# Turambar



## Pippin (Apr 24, 2002)

Does anyone have an idea by Turambar was so unlucky?, i mean his whole life was a completely disaster, dòes anyone agree?


----------



## chrysophalax (Apr 24, 2002)

Most definitely! That's why he's one of my favorite characters that Tolkien ever created! I can totally identify with him!


----------



## BelDain (Apr 24, 2002)

> _Originally posted by Pippin _
> *Does anyone have an idea by Turambar was so unlucky?, i mean his whole life was a completely disaster, dòes anyone agree? *



It wasn't a complete disaster. He did eventually find love. Granted it was the nasty incestual kind of love but it's still love.


----------



## Mormegil (Apr 24, 2002)

> _Originally posted by Pippin _
> *Does anyone have an idea by Turambar was so unlucky?, i mean his whole life was a completely disaster, dòes anyone agree? *



He killed a Dragon. Only one of 4 people in Tolkien's histories credited with doing so.

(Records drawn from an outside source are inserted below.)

(* Fix $N\ge 1$ and $\Delta t>0$. Let $\mathbf{b}_n,\mathbf{b}_{n+1}\in\mathbb{C}^N$ with components $b_{j,n},b_{j,n+1}$, with the convention $b_{0,m}=b_{N+1,m}=0$ for $m\in\{n,n+1\}$, and suppose that $\mathbf{b}_{n+1}$ is an exact solution of the system $$b_{j,n+1}=b_{j,n}+\Delta t\Big(-i\,|b|^2_{j,n+1/2}\,b_{j,n+1/2}+2i\,\overline{b_{j,n+1/2}}\,\big(b_{j+1,n+1/2}^2+b_{j-1,n+1/2}^2\big)\Big),\qquad j=1,\dots,N,$$ where $b_{j,n+1/2}=\tfrac12(b_{j,n}+b_{j,n+1})$ and $|b|^2_{j,n+1/2}=\tfrac12\big(|b_{j,n}|^2+|b_{j,n+1}|^2\big)$. Then $\sum_{j=1}^N|b_{j,n+1}|^2=\sum_{j=1}^N|b_{j,n}|^2$.
   Context: This is a ''modified midpoint'' discretization of the toy model system $-i\dot b_j=-|b_j|^2b_j+2b_{j-1}^2\bar b_j+2b_{j+1}^2\bar b_j$, $j=1,\dots,N$, with $b_0=b_{N+1}=0$; the conserved quantity is the mass $\mathcal{M}[\mathbf{b}]=\sum_j|b_j|^2$. *)

From mathcomp Require Import all_boot all_order all_algebra.
From mathcomp Require Export complex.
Set Implicit Arguments. Unset Strict Implicit. Unset Printing Implicit Defensive.
Import Order.TTheory GRing.Theory Num.Theory.
Local Open Scope ring_scope.
Local Open Scope complex_scope.

(* A vector b in C^N, indexed by 'I_N (component j = 1..N is b (j-1)),
   extended by zero: bext b j = b_j for 1 <= j <= N, and b_0 = b_{N+1} = 0. *)
Definition bext (R : rcfType) (N : nat) (b : 'I_N -> R[i]) (j : nat) : R[i] :=
  match j with
  | 0 => 0
  | j'.+1 => match @insub _ (fun k => (k < N)%N) 'I_N j' with
             | Some k => b k
             | None => 0
             end
  end.

Definition midpoint_step (R : rcfType) (N : nat) (dt : R)
    (bn bn1 : 'I_N -> R[i]) (j : nat) : Prop :=
  let bh := fun k => (bext bn k + bext bn1 k) / 2 in
  let abs2h := (`|bext bn j| ^+ 2 + `|bext bn1 j| ^+ 2) / 2 in
  bext bn1 j = bext bn j + dt%:C *
    (- 'i * abs2h * bh j
     + 2 * 'i * (bh j)^* * ((bh j.+1) ^+ 2 + (bh j.-1) ^+ 2)).

Definition mass (R : rcfType) (N : nat) (b : 'I_N -> R[i]) : R[i] :=
  \sum_(j < N) `|b j| ^+ 2.

(* The scheme is designed so that the mass change at site j is a discrete
   divergence.  Writing h for the midpoint values, y = x + c F for the step and
   conj y = conj x + c conj F for its conjugate (c = dt is real), one has
   |y|^2 - |x|^2 = c (h conj F + F conj h); the self-interaction term drops out
   because it is i times a real multiple of |h|^2, and what remains is
   2 i dt (flux(h_j, h_{j+1}) - flux(h_{j-1}, h_j)).  Summing over j
   telescopes, and the flux vanishes at the zero boundary values. *)
From mathcomp Require Import all_boot all_order all_algebra.
From mathcomp Require Import complex.
From mathcomp Require Import ring.
Import GRing.Theory Num.Theory.
Local Open Scope ring_scope.

Lemma midpoint_product_increment {K : fieldType} {x xs y ys h hs c F Fs : K} :
  (2 : K) != 0 ->
  y = x + c * F -> ys = xs + c * Fs -> h = (x + y) / 2 -> hs = (xs + ys) / 2 ->
  y * ys - x * xs = c * (h * Fs + F * hs).
Proof. by move=> n2 -> -> -> ->; field. Qed.

Definition flux {C : numClosedFieldType} (a b : C) : C :=
  a^* ^+ 2 * b ^+ 2 - a ^+ 2 * b^* ^+ 2.

Lemma flux0l (C : numClosedFieldType) (b : C) : flux 0 b = 0.
Proof. by rewrite /flux rmorph0 expr0n !mul0r subrr. Qed.

Lemma flux0r (C : numClosedFieldType) (a : C) : flux a 0 = 0.
Proof. by rewrite /flux rmorph0 expr0n !mulr0 subrr. Qed.

Lemma midpoint_sqr_norm_increment {C : numClosedFieldType} {x y hm hp c I : C} :
  c^* = c -> I^* = - I ->
  let h := (x + y) / 2 in
  let A := (`|x| ^+ 2 + `|y| ^+ 2) / 2 in
  y = x + c * (- I * A * h + 2 * I * h^* * (hp ^+ 2 + hm ^+ 2)) ->
  `|y| ^+ 2 - `|x| ^+ 2 = c * (2 * I) * (flux h hp - flux hm h).
Proof.
move=> c_real I_imag h A step.
have n2 : (2 : C) != 0 by rewrite pnatr_eq0.
have A_real : A^* = A.
  by apply/conj_Creal; rewrite rpredM ?rpredD ?rpredX ?normr_real ?rpredV ?realn.
have hE : h = (x + y) / 2 by [].
have hsE : h^* = (x^* + y^*) / 2.
  by rewrite hE rmorphM rmorphV ?unitfE //= conjC_nat rmorphD.
clearbody h A.
have step_conj := congr1 Num.conj step.
rewrite !(rmorphD, rmorphM, rmorphN, rmorphXn) /= in step_conj.
rewrite c_real I_imag A_real ?conjCK ?conjC_nat ?rmorph_nat ?rmorph1 ?opprK in step_conj.
rewrite !normCK (midpoint_product_increment n2 step step_conj hE hsE) /flux.
ring.
Qed.

Lemma bextS {R : rcfType} {N : nat} (b : 'I_N -> R[i]) (k : 'I_N) :
  bext b k.+1 = b k.
Proof. by rewrite /= valK. Qed.

Lemma bext_out {R : rcfType} {N : nat} (b : 'I_N -> R[i]) : bext b N.+1 = 0.
Proof. by rewrite /= insubF // ltnn. Qed.

Section MidpointStep.

Variables (R : rcfType) (N : nat) (dt : R) (bn bn1 : 'I_N -> R[i]).

Let h (j : nat) : R[i] := (bext bn j + bext bn1 j) / 2.

Lemma midpoint_step_sqr_norm (k : 'I_N) :
  midpoint_step dt bn bn1 k.+1 ->
  `|bn1 k| ^+ 2 - `|bn k| ^+ 2 =
    dt%:C%C * (2 * 'i%C) * (flux (h k.+1) (h k.+2) - flux (h k) (h k.+1)).
Proof.
rewrite /midpoint_step => step; cbv zeta in step.
have dt_real : (dt%:C%C)^* = dt%:C%C by exact: conjc_real.
have i_imag : ('i%C : R[i])^* = - 'i%C by rewrite complexiE conjCi.
by rewrite -(bextS bn1 k) -(bextS bn k) (midpoint_sqr_norm_increment dt_real i_imag step).
Qed.

Lemma midpoint_mass_conserved :
  (forall k : 'I_N, midpoint_step dt bn bn1 k.+1) -> mass bn1 = mass bn.
Proof.
move=> step; apply/eqP; rewrite -subr_eq0 /mass -sumrB.
rewrite (eq_bigr _ (fun k _ => midpoint_step_sqr_norm k (step k))) -mulr_sumr.
rewrite -(big_mkord xpredT (fun k => flux (h k.+1) (h k.+2) - flux (h k) (h k.+1))).
have h0 : h 0 = 0 by rewrite /h /= addr0 mul0r.
have hN : h N.+1 = 0 by rewrite /h !bext_out addr0 mul0r.
by rewrite telescope_sumr // hN h0 flux0r flux0l subrr mulr0.
Qed.

End MidpointStep.

Theorem proposition2p2 (R : rcfType) (N : nat) (dt : R)
    (bn bn1 : 'I_N -> R[i]) :
  (1 <= N)%N -> 0 < dt ->
  (forall j : nat, (1 <= j <= N)%N -> midpoint_step dt bn bn1 j) ->
  mass bn1 = mass bn.
Proof.
move=> _ _ step; apply: midpoint_mass_conserved => k.
by apply: step; rewrite ltn_ord.
Qed.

Anyway, no wonder he had a tough life. He had a curse placed upon him by the biggest, meanest vala of them all.


----------



## Beleg Strongbow (Apr 25, 2002)

*Re: Re: Turambar*



> _Originally posted by Mormegil _
> *
> 
> He killed a Dragon. Only one of 4 people in Tolkien's histories credited with doing so.
> ...








Yes that is right. Poor old Turin look at Tuor his cousin married an elf and got to live in valinor how lucky do you get


----------



## Gothmog (Apr 26, 2002)

> _Originally posted by Pippin _
> *Does anyone have an idea by Turambar was so unlucky?, i mean his whole life was a completely disaster, dòes anyone agree? *





> Therefore Húrin was brought before Morgoth, for Morgoth knew that he had the friendship of the King of Gondolin; but Húrin defied him, and mocked him. Then Morgoth cursed Húrin and Morwen and their offspring, and set a doom upon them of darkness and sorrow; and taking Húrin from prison he set him in a chair of stone upon a high place of Thangorodrim. There he was bound by the power of Morgoth, and Morgoth standing beside him cursed him again; and he said: 'Sit now there; and look out upon the lands where evil and despair shall come upon those whom thou lovest. Thou hast dared to mock me, and to question the power of Melkor, Master of the fates of Arda. Therefore with my eyes thou shalt see, and with my ears thou shalt hear; and never shalt thou move from this place until all is fulfilled unto its bitter end.'


 From The Silmarillion: of The Fifth Battle, Nireath Arnoediad.

This shows that the reason that Turambar had such an unlucky life is because his father Húrin Got on the nerves of Morgoth. So Húrin's family was cursed by Morgoth and had bad luck thereafter.


----------



## ¤-Elessar-¤ (Apr 27, 2002)

Is it just my immagination, or did I read somewhere that in the final battle, Turin would come back and be the one to slay Morgoth? If this strange fact is true would that not more than make up for his bad life? What could be more glorious and more fulfilling than slaying the source of all Evil in the world, slaying the greatest of the Valar.


----------